Luego de buscar un buen sitio para él, llegó el momento de hacer
la separación de bienes, esta parte no fue complicada para mi
pues no soy apegado a las cosas materiales, para mí no son más
que cosas y las desecho sin remordimientos de ningún tipo, lo
que me dejé lo hice por su valor sentimental, aquel espejo
comprado en un viaje precioso a Antigua, las gárgolas de yeso
que compramos una navidad en New York, el cuadro que me regaló
para mi cumpleaños, las fotografías de una semana santa en
Manuel Antonio, las iglesias de barro que me trajo de México,
la vajilla de colores que escogimos juntos y aquella fotografía
de ambos en blanco y negro con un fragmento de felicidad
congelado para siempre.
Ya estábamos separados, ya cada cual jugaba a reinventarse y de
repente surgió una situación que nunca prevenimos, quien se
queda con los amigos?.Que difícil no?
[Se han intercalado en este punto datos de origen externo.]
(* X is a tangent vector at the identity of the matrix group G: the complex
   derivative at 0 of a holomorphic-at-0 curve gamma with gamma(0) = 1 and
   gamma(t) in G for t near 0.  The Lie algebra of G is the set of these. *)
Definition lie_tangent (R : realType) (r : nat) (G : set 'M[R[i]]_r)
    (X : 'M[R[i]]_r) : Prop :=
  exists gamma : (R[i])^o -> 'M[R[i]]_r,
    gamma 0 = 1%:M /\
    (\forall t \near (0 : (R[i])^o), G (gamma t)) /\
    is_derive (0 : (R[i])^o) (1 : R[i]) gamma X.

Fixpoint Rprod (K : ringType) (r : nat) (Rf : int -> K -> 'M[K]_r)
    (N : int) (k : nat) (x : K) : 'M[K]_r :=
  match k with
  | 0%N => 1%:M
  | k'.+1 => Rf (N + k'%:Z) x *m Rprod Rf N k' x
  end.

Definition Dk (K : comUnitRingType) (r : nat) (D Rf : int -> K -> 'M[K]_r)
    (N : int) (k : nat) (x : K) : 'M[K]_r :=
  invmx (Rprod Rf N k x) *m D (N + k%:Z) x *m Rprod Rf N k x.

Definition Mfun (K : comUnitRingType) (r : nat) (Psi : int -> K -> 'M[K]_r)
    (N : int) (E : 'M[K]_r) (x : K) : 'M[K]_r :=
  Psi N x *m E *m invmx (Psi N x).

Definition W1 (K : comUnitRingType) (r : nat) (D Psi : int -> K -> 'M[K]_r)
    (N : int) (E : 'M[K]_r) (x : K) : K :=
  \tr (D N x *m Mfun Psi N E x).

(* The conjugates D_k^(N) = R^(N,k)^-1 D^(N+k) R^(N,k) stay in g, because
   R^(N,k) = Psi^(N+k) (Psi^(N))^-1 lies in G and g is stable under conjugation
   by G.  So D_0^(N), ..., D_(dim g)^(N) are dim g + 1 rational functions with
   values in a space of dimension dim g.  Written over a common denominator they
   are polynomial vectors whose values on the infinite set U lie in g, hence
   over the field C(x) they span a space of dimension at most dim g and satisfy
   a nontrivial linear relation; clearing denominators gives polynomial
   coefficients.  The relation for the W_1 follows by linearity of the trace,
   as W_1^(N+k)(x.E) = Tr D_k^(N)(x) M^(N)(x.E). *)

From mathcomp Require Import all_boot all_order all_algebra finmap.
From mathcomp Require Import all_classical all_reals all_analysis.
From mathcomp Require Import complex.
Import Order.TTheory GRing.Theory Num.Theory numFieldNormedType.Exports.
Set Implicit Arguments.
Unset Strict Implicit.
Unset Printing Implicit Defensive.
Local Open Scope ring_scope.
Local Open Scope classical_set_scope.
Import VectorInternalTheory.

Section FractionRows.
Variable Rd : idomainType.
Local Notation tofrac := (@tofrac Rd).

Lemma frac_clear_denom (x : {fraction Rd}) :
  exists2 d : Rd, d != 0 & exists a : Rd, tofrac a = tofrac d * x.
Proof.
set y := repr x; exists (frac y).2; first exact: denom_ratioP.
exists (frac y).1; rewrite -[x]reprK -/y mulrC.
unlock tofrac; rewrite !piE; apply/eqmodP.
rewrite /= FracField.equivfE /FracField.mulf /=.
by rewrite !numden_Ratio ?mulf_neq0 ?oner_neq0 ?denom_ratioP // mulr1 mul1r.
Qed.

Lemma row_clear_denom n (v : 'rV[{fraction Rd}]_n) :
  exists2 d : Rd, d != 0 &
    exists w : 'rV[Rd]_n, map_mx tofrac w = tofrac d *: v.
Proof.
have /choice [da hda] : forall j, exists da : Rd * Rd,
    da.1 != 0 /\ tofrac da.2 = tofrac da.1 * v 0 j.
  by move=> j; have [d d0 [a ha]] := frac_clear_denom (v 0 j); exists (d, a).
pose d j := (da j).1; pose a j := (da j).2.
have d0 j : d j != 0 by case: (hda j).
have ha j : tofrac (a j) = tofrac (d j) * v 0 j by case: (hda j).
exists (\prod_j d j).
  by rewrite prodf_seq_neq0; apply/allP => j _; apply/implyP.
exists (\row_j (a j * \prod_(i | i != j) d i)); apply/rowP => j.
by rewrite !mxE [in RHS](bigD1 j) //= !tofracM ha mulrAC.
Qed.

Lemma map_tofrac_inj m n : injective (map_mx tofrac : 'M[Rd]_(m, n) -> _).
Proof.
move=> A B /matrixP eqAB; apply/matrixP => i j.
by move: (eqAB i j); rewrite !mxE => /eqP; rewrite tofrac_eq => /eqP.
Qed.

Lemma frac_rank_row_dependent k m (A : 'M[Rd]_(k, m)) :
  (\rank (map_mx tofrac A) < k)%N ->
  exists2 beta : 'rV[Rd]_k, beta != 0 & beta *m A = 0.
Proof.
move=> rkA; pose v := nz_row (kermx (map_mx tofrac A)).
have v0 : v != 0 by rewrite nz_row_eq0 kermx_eq0 /row_free neq_ltn rkA.
have vA : v *m map_mx tofrac A = 0 by apply/sub_kermxP/nz_row_sub.
have [d d0 [w wv]] := row_clear_denom v.
exists w.
  rewrite -(inj_eq (@map_tofrac_inj 1 k)) map_mx0 wv.
  by rewrite scaler_eq0 tofrac_eq0 negb_or d0.
by apply: map_tofrac_inj; rewrite map_mxM wv -scalemxAl vA scaler0 map_mx0.
Qed.
End FractionRows.

Lemma poly_rows_dependent (K : fieldType) k m s
    (A : 'M[{poly K}]_(k, m)) (S : 'M[K]_(s, m)) :
  A *m map_mx polyC (cokermx S) = 0 -> (\rank S < k)%N ->
  exists2 beta : 'rV_k, beta != 0 & beta *m A = 0.
Proof.
move=> AS rkS; apply: frac_rank_row_dependent; apply: leq_ltn_trans rkS.
have : (map_mx (@tofrac _) A <= map_mx (@tofrac _ \o polyC) S)%MS.
  by rewrite submxE -map_cokermx (map_mx_comp polyC) -map_mxM AS map_mx0.
by move/mxrankS; rewrite mxrank_map.
Qed.

Lemma poly_eq0_on_infinite (K : fieldType) (U : set K) (p : {poly K}) :
  infinite_set U -> (forall x, U x -> p.[x] = 0) -> p = 0.
Proof.
move=> /(infinite_set_fset (size p)) [B BU szB] p0.
apply: (roots_geq_poly_eq0 (rs := B)) => //.
- by apply/allP => x xB; apply/rootP/p0/BU.
- exact: fset_uniq.
Qed.

Lemma polymx_eq0_on_infinite (K : fieldType) (U : set K) m n
    (P : 'M[{poly K}]_(m, n)) :
  infinite_set U -> (forall x, U x -> map_mx (horner_eval x) P = 0) -> P = 0.
Proof.
move=> Uinf P0; apply/matrixP => i j; rewrite [RHS]mxE.
apply: (poly_eq0_on_infinite Uinf) => x Ux.
by have /matrixP/(_ i j) := P0 x Ux; rewrite !mxE.
Qed.

Lemma open_nonempty_infinite (K : numFieldType) (U : set K^o) :
  open U -> U !=set0 -> infinite_set U.
Proof.
move=> oU [x0 Ux0].
have /nbhs_ballP [e e0 x0eU] : nbhs x0 U by exact: open_nbhs_nbhs.
pose f i : K := x0 + e / i.+2%:R.
apply/infiniteP/pcard_leP/injfunPex; exists f.
  move=> i _; apply: x0eU; rewrite /ball /= /f opprD addNKr normrN ger0_norm.
    by rewrite ltr_pdivrMr // ltr_pMr // ltr1n.
  by rewrite divr_ge0 // ltW.
move=> i j _ _ /addrI /(mulfI (lt0r_neq0 e0)) /invr_inj /eqP.
by rewrite eqr_nat eqSS eqSS => /eqP.
Qed.

Lemma map_mx_horner_polyC (K : fieldType) m n x (M : 'M[K]_(m, n)) :
  map_mx (horner_eval x) (map_mx polyC M) = M.
Proof. by apply/matrixP => i j; rewrite !mxE horner_evalE hornerC. Qed.

Section PolyMatrixCoordinates.
Variables (K : fieldType) (m n : nat).

(* v2r only applies to K-matrices; its polynomial counterpart goes through
   the constant matrix of the linear map v2r \o vec_mx. *)
Definition v2r_poly (P : 'M[{poly K}]_(m, n)) :
    'rV[{poly K}]_(dim 'M[K]_(m, n)) :=
  mxvec P *m map_mx polyC (lin1_mx (v2r \o vec_mx)).

Lemma v2r_poly_horner x P :
  map_mx (horner_eval x) (v2r_poly P) = v2r (map_mx (horner_eval x) P).
Proof.
by rewrite map_mxM map_mxvec map_mx_horner_polyC mul_rV_lin1 /= mxvecK.
Qed.

Lemma memv_v2r (V : {vspace 'M[K]_(m, n)}) M :
  (M \in V) = (v2r M <= vs2mx V)%MS.
Proof. by rewrite memvE /subsetv /vline mx2vsK. Qed.

End PolyMatrixCoordinates.

Lemma rational_mx_dependent (K : fieldType) m n (U : set K)
    (V : {vspace 'M[K]_(m, n)}) (F : nat -> K -> 'M[K]_(m, n)) :
  infinite_set U -> (forall k, rational_mx_on U (F k)) ->
  (forall k x, U x -> F k x \in V) ->
  exists alpha : 'I_(\dim V).+1 -> {poly K},
    (exists k, alpha k != 0) /\
    forall x, U x -> \sum_k (alpha k).[x] *: F k x = 0.
Proof.
move=> Uinf Frat FV.
have /choice [Pq hPq] : forall k : 'I_(\dim V).+1,
    exists Pq : 'M[{poly K}]_(m, n) * {poly K}, Pq.2 != 0 /\ forall x, U x ->
      Pq.2.[x] != 0 /\ F k x = Pq.2.[x]^-1 *: map_mx (horner_eval x) Pq.1.
  by move=> k; have [P [q]] := Frat k; exists (P, q).
pose q k := (Pq k).2.
pose A := \matrix_k v2r_poly (Pq k).1.
have rowA k x :
    U x -> row k (map_mx (horner_eval x) A) = (q k).[x] *: v2r (F k x).
  move=> Ux; have [_ /(_ x Ux) [qx0 ->]] := hPq k.
  by rewrite -map_row rowK v2r_poly_horner linearZ /= scalerA mulfV ?scale1r.
have AV : A *m map_mx polyC (cokermx (vs2mx V)) = 0.
  apply: (polymx_eq0_on_infinite Uinf) => x Ux; apply/row_matrixP => k.
  rewrite map_mxM map_mx_horner_polyC row_mul rowA // row0.
  move: (FV k x Ux); rewrite memv_v2r submxE => /eqP vV.
  by rewrite -scalemxAl vV scaler0.
have [beta beta0 betaA] := poly_rows_dependent AV (leqnn (\dim V).+1).
exists (fun k => beta 0 k * q k); split.
  have [k betak] : exists k, beta 0 k != 0.
    apply/existsP; apply: contraNT beta0 => /existsPn beta0.
    by apply/eqP/rowP => k; rewrite mxE; apply/eqP/negPn/beta0.
  by exists k; rewrite mulf_neq0 //; case: (hPq k).
move=> x Ux; apply: v2r_inj; rewrite linear_sum linear0.
have evbeta k : (beta 0 k).[x] = map_mx (horner_eval x) beta 0 k.
  by rewrite mxE.
under eq_bigr => k _ do
  rewrite linearZ /= hornerM -scalerA -(rowA k x Ux) evbeta.
by rewrite -mulmx_sum_row -map_mxM betaA map_mx0.
Qed.

Section RationalMatrices.
Variables (K : fieldType) (U : set K).

Lemma eq_rational_mx_on m n (f g : K -> 'M[K]_(m, n)) :
  (forall x, U x -> f x = g x) -> rational_mx_on U f -> rational_mx_on U g.
Proof.
move=> fg [P [q [q0 fPq]]]; exists P, q; split => // x Ux.
by rewrite -fg //; apply: fPq.
Qed.

Lemma rational_mx_on1 n : rational_mx_on U (fun _ => 1%:M : 'M[K]_n).
Proof.
exists 1%:M, 1; split => [|x _]; first exact: oner_neq0.
rewrite hornerC invr1 scale1r oner_neq0 (map_scalar_mx (horner_eval x)) /=.
by rewrite horner_evalE hornerC.
Qed.

Lemma rational_mx_onM m n p (f : K -> 'M[K]_(m, n)) (g : K -> 'M[K]_(n, p)) :
  rational_mx_on U f -> rational_mx_on U g ->
  rational_mx_on U (fun x => f x *m g x).
Proof.
move=> [P [q [q0 fPq]]] [P' [q' [q'0 gPq]]].
exists (P *m P'), (q * q'); split => [|x Ux]; first by rewrite mulf_neq0.
have [qx0 ->] := fPq x Ux; have [q'x0 ->] := gPq x Ux.
rewrite hornerM mulf_neq0 // -scalemxAl -scalemxAr scalerA invfM mulrC.
by rewrite (map_mxM (horner_eval x)).
Qed.

End RationalMatrices.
Los amigos no son
recuerdos, ni cosas, son personas y para colmo, personas con una
opinión, cada historia tiene dos versiones y los verdaderos
amigos deberían de escuchar ambas antes de formarse una opinión
al respecto, en mi caso no fue así, nuestros amigos tomaron
partido en un juego al que solo están invitados de espectadores,
no de participes y se me condenó sin que yo pudiera decir
siquiera ni J.
Está de más contarles quien se quedó con los amigos y quien con
su sombra. Solo y abandonado aprendí a vivir conmigo mismo y con
el peso de mi decisión de terminar, al tiempo las heridas
sanaron y poco a poco fui reconstruyendo mi vida, llegaron
nuevos amores, se fueron, vinieron más y hasta llegué a crear un
nuevo círculo de amigos, propios, ajenos a mi estado civil y mis
circunstancias.
Creo fielmente que en el universo nada ocurre por casualidad, la
suerte no existe, lo que existe es la causa y el efecto, yo hago
esto y me pasa esto y así en un juego infinito de posibilidades,
ahora viejo puedo comprender que ninguno fue realmente mi amigo,
el universo simplemente conspiro su partida para sacar de mi
juego a esas personas que no debían formar parte de mi vida.